Data supplied:
(* Under Assumption A with $T>0$, let $\bar\alpha\in(\alpha_\nu-1/T,+\infty)$ be any solution of the fixed point equation $\alpha=\alpha_\nu-\frac1T+\frac{G(\alpha,2)}{2T^2}$. Then $$\frac{\alpha_\nu}{2}-\frac1T-\frac{L}{2T^2\alpha_\nu\beta_\mu}+\frac12\sqrt{\Big(\alpha_\nu+\frac{L}{T^2\beta_\mu\alpha_\nu}\Big)^2+\frac{4\alpha_\nu}{T^2\beta_\mu}}\;\le\;\bar\alpha\;\le\;\frac{\alpha_\nu}{2}-\frac1T+\frac12\sqrt{\alpha_\nu^2+\frac{4\alpha_\nu}{T^2\beta_\mu}}.$$
   Context: For $L>0$ let $f_L(r)=2L^{1/2}\tanh(rL^{1/2}/2)$ for $r\ge0$. For a differentiable $U:\mathbb{R}^d\to\mathbb{R}$ and $r>0$ let $\kappa_U(r)=\inf\{|x-y|^{-2}\langle\nabla U(x)-\nabla U(y),x-y\rangle:|x-y|=r\}$. Assumption A: $\mu(\mathrm{d}x)=e^{-U^\mu(x)}\mathrm{d}x$, $\nu(\mathrm{d}y)=e^{-U^\nu(y)}\mathrm{d}y$ probability measures on $\mathbb{R}^d$, $U^\mu,U^\nu\in C^2$; $\mu$ has finite second moment and finite entropy w.r.t. Lebesgue, and $\langle v,\nabla^2U^\mu(x)v\rangle\le\beta_\mu|v|^2$ for all $x,v$ with $\beta_\mu>0$; and there exist $\alpha_\nu>0,L>0$ with $\kappa_{U^\nu}(r)\ge\alpha_\nu-r^{-1}f_L(r)$ for all $r>0$. For $\alpha\ge\alpha_\nu-1/T$ define $F(\alpha,s)=\beta_\mu s+\frac{s}{T(1+T\alpha)}+\frac{s^{1/2}f_L(s^{1/2})}{(1+T\alpha)^2}$ for $s>0$, and $G(\alpha,u)=\inf\{s\ge0:F(\alpha,s)\ge u\}$ for $u>0$. *)

From Stdlib Require Import Reals.
From Coquelicot Require Import Coquelicot.
Open Scope R_scope.

Definition tanhR (x : R) : R := (exp x - exp (- x)) / (exp x + exp (- x)).

Definition f_L (L r : R) : R := 2 * sqrt L * tanhR (r * sqrt L / 2).

Definition F_fun (beta_mu L T alpha s : R) : R :=
  beta_mu * s + s / (T * (1 + T * alpha))
  + sqrt s * f_L L (sqrt s) / (1 + T * alpha) ^ 2.

Definition G_fun (beta_mu L T alpha u : R) : Rbar :=
  Glb_Rbar (fun s => 0 <= s /\ u <= F_fun beta_mu L T alpha s).

(** Since [0 <= f_L(r) <= L r] (because [tanh y <= y]), the function [F(alpha, .)]
    lies between the lines of slopes [K1 = beta_mu + 1/(T(1+T alpha))] and
    [K2 = K1 + L/(1+T alpha)^2], so [2/K2 <= G(alpha, 2) <= 2/K1].  Writing a fixed
    point as [abar = alpha_nu - 1/T + z] with [z > 0], one has [1 + T abar = T (alpha_nu + z)]
    and [G(abar, 2) = 2 T^2 z]; the two bounds on [G] become quadratic inequalities in
    [z] (for the lower one, [alpha_nu + z >= alpha_nu] is used once more), whose
    roots are the two bounds of the theorem. *)

From Stdlib Require Import Reals Lra.
From Coquelicot Require Import Coquelicot.
Open Scope R_scope.

Local Ltac positivity :=
  repeat first [apply Rdiv_lt_0_compat | apply Rmult_lt_0_compat | apply pow_lt]; lra.

Lemma exp_opp_le_exp (y : R) : 0 <= y -> exp (- y) <= exp y.
Proof.
intros Hy; destruct (Req_dec y 0) as [-> | Hy0].
- rewrite Ropp_0; lra.
- left; apply exp_increasing; lra.
Qed.

Lemma sinh_le_mul_cosh (y : R) : 0 <= y ->
  exp y - exp (- y) <= y * (exp y + exp (- y)).
Proof.
intros Hy.
set (h := fun t => t * (exp t + exp (- t)) - (exp t - exp (- t))).
assert (Hdh : forall t, is_derive h t (t * (exp t - exp (- t)))).
{ intro t; unfold h; auto_derive; [easy | ring]. }
destruct (MVT_gen h 0 y (fun t => t * (exp t - exp (- t)))) as [c [Hc Hmvt]].
- intros t _; apply Hdh.
- intros t _; apply continuity_pt_filterlim, (ex_derive_continuous (V := R_NormedModule)).
  eexists; apply Hdh.
- rewrite Rmin_left, Rmax_right in Hc by lra.
  assert (Hexp : exp (- c) <= exp c) by (apply exp_opp_le_exp; lra).
  assert (Hh0 : h 0 = 0) by (unfold h; rewrite Ropp_0; ring).
  assert (0 <= c * (exp c - exp (- c))) by (apply Rmult_le_pos; lra).
  unfold h in Hh0, Hmvt; nra.
Qed.

Lemma tanhR_bounds (y : R) : 0 <= y -> 0 <= tanhR y <= y.
Proof.
intros Hy; unfold tanhR.
assert (Hexp : exp (- y) <= exp y) by (apply exp_opp_le_exp; lra).
assert (Hpos : 0 < exp y + exp (- y))
  by (pose proof (exp_pos y); pose proof (exp_pos (- y)); lra).
split.
- apply Rdiv_le_0_compat; lra.
- apply Rle_div_l; [exact Hpos |]. now apply sinh_le_mul_cosh.
Qed.

Lemma f_L_bounds (L r : R) : 0 < L -> 0 <= r -> 0 <= f_L L r <= L * r.
Proof.
intros HL Hr; unfold f_L.
assert (HsL : 0 < sqrt L) by (apply sqrt_lt_R0; lra).
assert (HL2 : sqrt L * sqrt L = L) by (apply sqrt_sqrt; lra).
destruct (tanhR_bounds (r * sqrt L / 2)) as [Hlo Hhi]; [nra |].
split; nra.
Qed.

Lemma F_fun_bounds (beta L T al s : R) : 0 < L -> 0 <= s -> 0 < 1 + T * al ->
  (beta + 1 / (T * (1 + T * al))) * s <= F_fun beta L T al s <=
  (beta + 1 / (T * (1 + T * al)) + L / (1 + T * al) ^ 2) * s.
Proof.
intros HL Hs Hc; unfold F_fun.
destruct (f_L_bounds L (sqrt s) HL (sqrt_pos s)) as [Hflo Hfhi].
assert (Hss : sqrt s * sqrt s = s) by (apply sqrt_sqrt; lra).
assert (Hprod : 0 <= sqrt s * f_L L (sqrt s) <= L * s)
  by (pose proof (sqrt_pos s); split; nra).
assert (Hd : 0 < (1 + T * al) ^ 2) by positivity.
assert (0 <= sqrt s * f_L L (sqrt s) / (1 + T * al) ^ 2 <= L * s / (1 + T * al) ^ 2).
{ split; [apply Rdiv_le_0_compat; lra |].
  apply Rmult_le_compat_r; [left; apply Rinv_0_lt_compat |]; lra. }
unfold Rdiv in *; split; nra.
Qed.

Lemma Glb_Rbar_linear_sandwich (f : R -> R) (a b u g : R) :
  0 < a -> 0 < b -> 0 <= u ->
  (forall s, 0 <= s -> a * s <= f s <= b * s) ->
  Glb_Rbar (fun s => 0 <= s /\ u <= f s) = Finite g ->
  u / b <= g <= u / a.
Proof.
intros Ha Hb Hu Hf Hg.
destruct (Glb_Rbar_correct (fun s => 0 <= s /\ u <= f s)) as [Hlb Hglb].
rewrite Hg in Hlb, Hglb.
split.
- apply (Hglb (u / b)).
  intros s [Hs Hus]; simpl.
  apply Rle_div_l; [exact Hb |].
  destruct (Hf s Hs); lra.
- apply (Hlb (u / a)).
  assert (Hua : 0 <= u / a) by (apply Rdiv_le_0_compat; lra).
  split; [exact Hua |].
  destruct (Hf (u / a) Hua) as [Hlo _].
  replace (a * (u / a)) with u in Hlo by (field; lra); exact Hlo.
Qed.

Lemma G_fun_bounds (beta L T al u g : R) :
  0 < beta -> 0 < L -> 0 < T -> 0 < 1 + T * al -> 0 <= u ->
  G_fun beta L T al u = Finite g ->
  u / (beta + 1 / (T * (1 + T * al)) + L / (1 + T * al) ^ 2) <= g <=
  u / (beta + 1 / (T * (1 + T * al))).
Proof.
intros Hbeta HL HT Hc Hu Hg.
assert (0 < 1 / (T * (1 + T * al))) by positivity.
assert (0 < L / (1 + T * al) ^ 2) by positivity.
apply (Glb_Rbar_linear_sandwich (F_fun beta L T al)); [lra | lra | exact Hu | | exact Hg].
intros s Hs; now apply F_fun_bounds.
Qed.

Lemma le_quadratic_root (b c z : R) : 0 <= 2 * z + b -> z ^ 2 + b * z <= c ->
  z <= (- b + sqrt (b ^ 2 + 4 * c)) / 2.
Proof.
intros Hpos Hq.
assert (Hsq : 2 * z + b <= sqrt (b ^ 2 + 4 * c)).
{ rewrite <- (sqrt_pow2 (2 * z + b) Hpos); apply sqrt_le_1_alt; nra. }
lra.
Qed.

Lemma quadratic_root_le (b c z : R) : 0 <= 2 * z + b -> c <= z ^ 2 + b * z ->
  (- b + sqrt (b ^ 2 + 4 * c)) / 2 <= z.
Proof.
intros Hpos Hq.
assert (Hsq : sqrt (b ^ 2 + 4 * c) <= 2 * z + b).
{ rewrite <- (sqrt_pow2 (2 * z + b) Hpos); apply sqrt_le_1_alt; nra. }
lra.
Qed.

Section FixedPointExcess.

Variables beta alpha L T z : R.
Hypotheses (Hbeta : 0 < beta) (Halpha : 0 < alpha) (HL : 0 < L) (HT : 0 < T)
  (Hz : 0 < z).

Lemma excess_quadratic_upper :
  2 * T ^ 2 * z <= 2 / (beta + 1 / (T * (T * (alpha + z)))) ->
  z ^ 2 + alpha * z <= alpha / (T ^ 2 * beta).
Proof.
intros Hg.
assert (HK : 0 < beta + 1 / (T * (T * (alpha + z))))
  by (assert (0 < 1 / (T * (T * (alpha + z)))) by positivity; lra).
apply (proj2 (Rle_div_r _ _ _ HK)) in Hg.
replace (2 * T ^ 2 * z * (beta + 1 / (T * (T * (alpha + z)))))
  with (2 * (T ^ 2 * beta * z * (alpha + z) + z) / (alpha + z)) in Hg by (field; lra).
apply (proj1 (Rle_div_l _ _ (alpha + z) ltac:(lra))) in Hg.
apply Rle_div_r; [positivity | lra].
Qed.

Lemma excess_quadratic_lower :
  2 / (beta + 1 / (T * (T * (alpha + z))) + L / (T * (alpha + z)) ^ 2) <= 2 * T ^ 2 * z ->
  alpha / (T ^ 2 * beta) <= z ^ 2 + (alpha + L / (T ^ 2 * beta * alpha)) * z.
Proof.
intros Hg.
assert (HK : 0 < beta + 1 / (T * (T * (alpha + z))) + L / (T * (alpha + z)) ^ 2).
{ assert (0 < 1 / (T * (T * (alpha + z)))) by positivity.
  assert (0 < L / (T * (alpha + z)) ^ 2) by positivity.
  lra. }
apply (proj1 (Rle_div_l _ _ _ HK)) in Hg.
replace (2 * T ^ 2 * z * (beta + 1 / (T * (T * (alpha + z))) + L / (T * (alpha + z)) ^ 2))
  with (2 * (T ^ 2 * beta * z * (alpha + z) ^ 2 + z * (alpha + z) + L * z) / (alpha + z) ^ 2)
  in Hg by (field; lra).
apply (proj2 (Rle_div_r _ _ ((alpha + z) ^ 2) ltac:(positivity))) in Hg.
(* Hg reads [alpha (alpha + z) <= T^2 beta z (alpha + z)^2 + L z]; multiply by
   [alpha / (alpha + z)] and use [alpha <= alpha + z] on the [L] term. *)
assert (Hk : alpha ^ 2 <= T ^ 2 * beta * alpha * z * (alpha + z) + L * z).
{ apply (Rmult_le_reg_l (alpha + z)); [lra |].
  assert (alpha * (alpha * (alpha + z)) <=
          alpha * (T ^ 2 * beta * z * (alpha + z) ^ 2 + L * z))
    by (apply Rmult_le_compat_l; lra).
  assert (L * z * alpha <= L * z * (alpha + z)) by (apply Rmult_le_compat_l; nra).
  nra. }
apply Rle_div_l; [positivity |].
replace ((z ^ 2 + (alpha + L / (T ^ 2 * beta * alpha)) * z) * (T ^ 2 * beta))
  with ((T ^ 2 * beta * alpha * z * (alpha + z) + L * z) / alpha)
  by (field; repeat split; lra).
apply Rle_div_r; [exact Halpha | nra].
Qed.

End FixedPointExcess.

Theorem mainTheorem2 (beta_mu alpha_nu L T abar : R)
  (hbeta : 0 < beta_mu) (halpha : 0 < alpha_nu) (hL : 0 < L) (hT : 0 < T)
  (hrange : alpha_nu - 1 / T < abar)
  (hfix : exists g : R, G_fun beta_mu L T abar 2 = Finite g /\
          abar = alpha_nu - 1 / T + g / (2 * T ^ 2)) :
  alpha_nu / 2 - 1 / T - L / (2 * T ^ 2 * alpha_nu * beta_mu)
    + / 2 * sqrt ((alpha_nu + L / (T ^ 2 * beta_mu * alpha_nu)) ^ 2
                  + 4 * alpha_nu / (T ^ 2 * beta_mu))
  <= abar <=
  alpha_nu / 2 - 1 / T + / 2 * sqrt (alpha_nu ^ 2 + 4 * alpha_nu / (T ^ 2 * beta_mu)).
Proof.
destruct hfix as [g [HG Hab]].
set (z := abar - (alpha_nu - 1 / T)).
assert (Hz : 0 < z) by (unfold z; lra).
assert (Hg : g = 2 * T ^ 2 * z) by (unfold z; rewrite Hab; field; lra).
assert (Hc : 1 + T * abar = T * (alpha_nu + z)) by (unfold z; field; lra).
assert (Hcpos : 0 < 1 + T * abar) by (rewrite Hc; positivity).
destruct (G_fun_bounds beta_mu L T abar 2 g hbeta hL hT Hcpos ltac:(lra) HG) as [Hlo Hhi].
rewrite Hc, Hg in Hlo, Hhi.
assert (Hab' : abar = alpha_nu - 1 / T + z) by (unfold z; ring).
assert (Hk : 4 * alpha_nu / (T ^ 2 * beta_mu) = 4 * (alpha_nu / (T ^ 2 * beta_mu)))
  by (field; repeat split; lra).
rewrite Hk, Hab'.
split.
- pose proof (quadratic_root_le (alpha_nu + L / (T ^ 2 * beta_mu * alpha_nu))
    (alpha_nu / (T ^ 2 * beta_mu)) z) as Hroot.
  assert (0 < L / (T ^ 2 * beta_mu * alpha_nu)) by positivity.
  assert (L / (2 * T ^ 2 * alpha_nu * beta_mu) = / 2 * (L / (T ^ 2 * beta_mu * alpha_nu)))
    by (field; repeat split; lra).
  specialize (Hroot ltac:(lra) (excess_quadratic_lower beta_mu alpha_nu L T z
    hbeta halpha hL hT Hz Hlo)); lra.
- pose proof (le_quadratic_root alpha_nu (alpha_nu / (T ^ 2 * beta_mu)) z ltac:(lra)
    (excess_quadratic_upper beta_mu alpha_nu T z hbeta halpha hT Hz Hhi)); lra.
Qed.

What to produce:
Wherever "exact" appears in the listing, report the line it is on.

Your response:
- apply Rle_div_l; [exact Hpos |]. now apply sinh_le_mul_cosh.
  apply Rle_div_l; [exact Hb |].
  split; [exact Hua |].
  replace (a * (u / a)) with u in Hlo by (field; lra); exact Hlo.
apply (Glb_Rbar_linear_sandwich (F_fun beta L T al)); [lra | lra | exact Hu | | exact Hg].
apply Rle_div_r; [exact Halpha | nra].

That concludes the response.